SNPs can help explain differences in susceptibility to a wide range of diseases across a population. For example, a common SNP in the CFH gene is associated with increased risk of age-related macular degeneration. Differences in the severity of an illness or response to treatments may also be manifestations of genetic variations caused by SNPs. For example, two common SNPs in the APOE gene, rs429358 and rs7412, lead to three major APO-E alleles with different associated risks for development of Alzheimer's disease and age at onset of the disease.
Single nucleotide substitutions with an allele frequency of less than 1% are sometimes called single-nucleotide variants. "Variant" may also be used as a general term for any single nucleotide change in a DNA sequence, encompassing both common SNPs and rare mutations, whether germline or somatic. The term single-nucleotide variant has therefore been used to refer to point mutations found in cancer cells. DNA variants must also commonly be taken into consideration in molecular diagnostics applications such as designing PCR primers to detect viruses, in which the viral RNA or DNA sample may contain single-nucleotide variants. However, this nomenclature uses arbitrary distinctions and is not used consistently across all fields; the resulting disagreement has prompted calls for a more consistent framework for naming differences in DNA sequences between two samples.

Types

Single-nucleotide polymorphisms may fall within coding sequences of genes, non-coding regions of genes, or in the intergenic regions. SNPs within a coding sequence do not necessarily change the amino acid sequence of the protein that is produced, due to degeneracy of the genetic code.
SNPs in the coding region are of two types: synonymous SNPs and nonsynonymous SNPs. Synonymous SNPs do not affect the protein sequence, while nonsynonymous SNPs change the amino acid sequence of protein.
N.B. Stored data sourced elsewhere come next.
Lemma weight_mix tr : weight Gh tr = \sum_b g (size h).+1 h b * weight (Gb b) tr.
Proof.
have sum1 : \sum_b g (size h).+1 h b = 1 by have [_ ->] := hg (size h).+1 h.
have [hle|hlt] := leqP (size tr) (size h).
  rewrite (eq_bigr (fun b => g (size h).+1 h b * weight Gh tr)) => [|b _].
    by rewrite -mulr_suml sum1 mul1r.
  congr (_ * _); apply: eq_weight => j [|s] // /andP[_ hs].
  by rewrite -force_set_slot_agree // neq_ltn (leq_trans hs hle).
pose s0 : 'I_(size tr) := Ordinal hlt.
set Q := fun F => (\prod_(s < size tr | s != s0) \prod_j weight_factor F tr s j) *
                  \prod_(j | j != i) weight_factor F tr s0 j.
have QE b : Q (Gb b) = Q Gh.
  rewrite /Q; congr (_ * _).
    apply: eq_bigr => s hs; apply: eq_bigr => j _.
    by rewrite /weight_factor -(force_set_slot_agree b).
  by apply: eq_bigr => j /negbTE hj; rewrite /weight_factor /upd hj.
have wQ F : weight F tr = weight_factor F tr s0 i * Q F by exact: weight_split_slot.
rewrite wQ; under eq_bigr do rewrite wQ QE mulrA.
rewrite -mulr_suml; have [->|hQ] := eqVneq (Q Gh) 0; first by rewrite !mulr0.
congr (_ * _); rewrite /weight_factor /upd eqxx /force /= ltnn /=.
case: ifP => hpend; last by rewrite -mulr_suml sum1 mul1r.
have -> : phist (take (size h) tr) i = h.
  apply: phist_force => [|r hr|]; first exact: ltnW.
    move: hQ; rewrite mulf_eq0 negb_or => /andP[/prodf_neq0 hne _].
    have hrs : Ordinal (ltn_trans hr hlt) != s0 by rewrite -val_eqE /= ltn_eqF.
    by have /prodf_neq0 := hne _ hrs; apply.
  exact: pendingb_take_le (leq_pred _) hpend.
under eq_bigr => b _ do rewrite /set_slot eqxx ffunE.
rewrite (bigD1 (nth p0 tr (size h) i)) //= eqxx mulr1 big1 ?addr0 // => b hb.
by rewrite eq_sym (negbTE hb) mulr0.
Qed.

Lemma cost_mix : cost Gh i = (\sum_b (g (size h).+1 h b)%:E * cost (Gb b) i)%E.
Proof.
have hGb b : valid_profile (Gb b).
  by apply: upd_force_valid => //; apply: set_slot_valid.
have probm_mix s : (probm Gh s (fun tr => pendingb tr i))%:E =
    (\sum_b (g (size h).+1 h b)%:E * (probm (Gb b) s (fun tr => pendingb tr i))%:E)%E.
  rewrite sumEFin; congr EFin; rewrite /probm.
  under eq_bigr do rewrite weight_mix.
  by rewrite exchange_big; apply: eq_bigr => b _; rewrite mulr_sumr.
rewrite /cost; under eq_eseriesr do rewrite probm_mix.
rewrite nneseries_sum => [|b s _]; last first.
  by rewrite mule_ge0 // lee_fin ?probm_ge0 //; have [->] := hg (size h).+1 h.
by apply: eq_bigr => b _; rewrite nneseriesZl // => s _; rewrite lee_fin probm_ge0.
Qed.

End Mixing.

Lemma wavg_lbound_eq (I : finType) (p : I -> R) (x : I -> \bar R) (c : \bar R) a :
  (forall b, 0 <= p b) -> \sum_b p b = 1 -> 0 < p a -> (0 <= c)%E ->
  (forall b, c <= x b)%E -> c = (\sum_b (p b)%:E * x b)%E -> x a = c.
Proof.
move=> hp hp1 hpa hc0 hc hsum; apply/eqP; rewrite eq_le hc andbT.
move: hc0 hc hsum; case: c => [r| |] // _ hc hsum; last by rewrite leey.
have hxa : ((p a)%:E * x a + ((1 - p a) * r)%:E <= r%:E)%E.
  rewrite [leRHS]hsum (bigD1 a) //=; apply: leeD2l.
  have -> : 1 - p a = \sum_(b | b != a) p b by rewrite -hp1 (bigD1 a) //= addrC addrK.
  rewrite mulr_suml -sumEFin; apply: lee_sum => b _; rewrite EFinM.
  by apply: lee_wpmul2l; rewrite ?lee_fin.
move: (hc a) hxa; case: (x a) => [y| |] // _.
  rewrite -EFinM -EFinD !lee_fin => hy.
  by rewrite -(ler_pM2l hpa); move: hy; rewrite mulrBl mul1r; lra.
by rewrite muleC gt0_mulye ?lte_fin.
Qed.

Lemma Hev_prefix_gt0 f i h m : valid_profile f ->
  0 < probm f (size h) (Hev i h) -> (m < size h)%N ->
  0 < probm f m (Hev i (take m h)) /\ 0 < f i m.+1 (take m h) (nth idl h m).
Proof.
move=> hf hP hm.
have [tr [/andP[hp /eqP hh] hw]] := probm_gt0_support hP.
rewrite take_oversize ?size_tuple // in hh.
have htr : size tr = size h by rewrite size_tuple.
have hpm : pendingb (take m tr) i.
  by apply: pendingb_take_le hp; rewrite -ltnS prednK // (leq_ltn_trans _ hm).
have hphm : phist (take m tr) i = take m h.
  by rewrite /phist map_take -/(phist tr i) hh.
split.
  apply: (@probm_gt0 _ _ _ (take m tr)) => //.
  - by rewrite size_takel // htr ltnW.
  - rewrite /Hev (size_takel (ltnW hm)) (take_takel _ (leq_pred m)).
    rewrite (take_takel _ (leqnn m)).
    by rewrite (pendingb_take_le (leq_pred m) hpm) hphm /=.
  - by rewrite lt0r weight_take_neq0 //= weight_ge0.
have := weight_factor_neq0 i hw (_ : (m < size tr)%N); rewrite htr => /(_ hm).
have hnth : nth p0 tr m i = nth idl h m by rewrite -[in RHS]hh (nth_map p0) // htr.
rewrite /weight_factor hpm hphm hnth => hne.
by rewrite lt0r hne; have [-> _] := hf i m.+1 (take m h).
Qed.

Lemma exists_consistent_action f i : valid_profile f ->
  exists a, 0 < probm f 1 (Hev i [:: a]).
Proof.
move=> hf.
have hx j : exists b, 0 < f j 1 [::] b.
  have [hge hsum] := hf j 1 [::].
  case: (pickP (fun b => 0 < f j 1 [::] b)) => [b hb|hnone]; first by exists b.
  move: hsum; rewrite big1 => [/esym/eqP|b _]; first by rewrite oner_eq0.
  by apply/eqP; rewrite eq_le hge andbT leNgt hnone.
pose x : slot := [ffun j => xchoose (hx j)].
exists (x i); apply: (@probm_gt0 _ _ _ [:: x]) => //; first by rewrite /Hev /= eqxx.
rewrite weightE big_ord1; apply: prodr_gt0 => j _.
by rewrite /weight_factor /= ffunE; apply: (xchooseP (hx j)).
Qed.

Lemma equilibrium_mincost f i : valid_profile f -> equilibrium f ->
  mincost f i = cost f i.
Proof.
move=> hf heq; apply: mincost_eq_cost => // g hg.
(* Slot 0 is never played, but the equilibrium condition at t = 0 asks the
   deviation to agree with f_i there. *)
pose g0 : protocol := fun s => if s is 0 then f i 0 else g s.
have hg0 : valid_protocol g0 by move=> [|s] hist; [apply: hf | apply: hg].
have -> : cost (upd f i g) i = cost (upd f i g0) i.
  by apply: eq_cost => j [|s] // _; rewrite /upd; case: ifP.
rewrite -!condcost_nil; apply: (heq i 0 [::]) => //; last by case.
by rewrite probm_Hev_nil ltr01.
Qed.

Lemma equilibrium_cost_force f i h : valid_profile f -> equilibrium f ->
  0 < probm f (size h) (Hev i h) -> cost (upd f i (force h (f i))) i = cost f i.
Proof.
move=> hf heq hP.
suff prefixE m : (m <= size h)%N ->
    cost (upd f i (force (take m h) (f i))) i = cost f i.
  by rewrite -{1}(take_size h) prefixE.
elim: m => [|m IH] hm; first by rewrite take0 force_nil upd_id.
have [hPm hpa] := Hev_prefix_gt0 hf hP hm.
have hsz : size (take m h) = m by rewrite size_takel // ltnW.
rewrite -(force_set_slot _ hm) -(IH (ltnW hm)).
pose x b := cost (upd f i (force (take m h) (set_slot (f i) m.+1 b))) i.
apply: (@wavg_lbound_eq _ (f i m.+1 (take m h)) x) hpa _ _ _.
- by have [] := hf i m.+1 (take m h).
- by have [] := hf i m.+1 (take m h).
- exact: cost_ge0 (upd_force_valid _ _ hf (hf i)).
- move=> b; rewrite /x deviation_cost_leE ?hsz //.
  + apply: (heq i m) => //; first exact: set_slot_valid.
    by move=> s hs; rewrite set_slot_agree // neq_ltn ltnS hs.
  + exact: set_slot_valid.
  + by move=> s hs; rewrite set_slot_agree // neq_ltn ltnS hs.
- by rewrite /x; have := @cost_mix f i (f i) (take m h) hf (hf i); rewrite hsz.
Qed.

Lemma equilibrium_of_force_mincost f : valid_profile f ->
  (forall i h, 0 < probm f (size h) (Hev i h) ->
     cost (upd f i (force h (f i))) i = mincost f i) ->
  equilibrium f.
Proof.
move=> hf hmin i _ h <- hP g hg hgf.
by rewrite -deviation_cost_leE // hmin //; apply/mincost_le/force_valid.
Qed.

End Contention.

Unset Implicit Arguments.

Theorem lemma1 (R : realType) (n k : nat) (hk : (0 < k)%N)
  (f : profile R n k) (hf : valid_profile f) :
  equilibrium f <->
  (forall (i : 'I_n) (g : protocol R k), in_G f i g ->
     cost (upd f i g) i = mincost f i /\ mincost f i = cost f i).
Proof.
split=> [heq i _ [h [[_ hP] ->]]|hG].
  by rewrite gdevE equilibrium_cost_force // equilibrium_mincost.
apply: equilibrium_of_force_mincost => // i [|a h] hP.
  have [a ha] := exists_consistent_action i hf.
  have [_ ->] := hG i _ (ex_intro _ [:: a] (conj (conj isT ha) erefl)).
  by rewrite force_nil upd_id.
by have [<- _] := hG i _ (ex_intro _ (a :: h) (conj (conj isT hP) erefl)).
Qed.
SNPs in non-coding regions can manifest in a higher risk of cancer, and may affect mRNA structure and disease susceptibility. Non-coding SNPs can also alter the level of expression of a gene, as an eQTL.
SNPs in coding regions:
* synonymous substitutions by definition do not result in a change of amino acid in the protein, but still can affect its function in other ways. An example would be a seemingly silent mutation in the multidrug resistance gene 1, which codes for a cellular membrane pump that expels drugs from the cell, can slow down translation and allow the peptide chain to fold into an unusual conformation, causing the mutant pump to be less functional and the C3435T polymorphism changes ATC to ATT at position 1145 ).
* nonsynonymous substitutions:
** missense – single change in the base results in change in amino acid of protein and its malfunction which leads to disease in the DNA sequence
** nonsense – point mutation in a sequence of DNA that results in a premature stop codon, or a nonsense codon in the transcribed mRNA, and in a truncated, incomplete, and usually nonfunctional protein product.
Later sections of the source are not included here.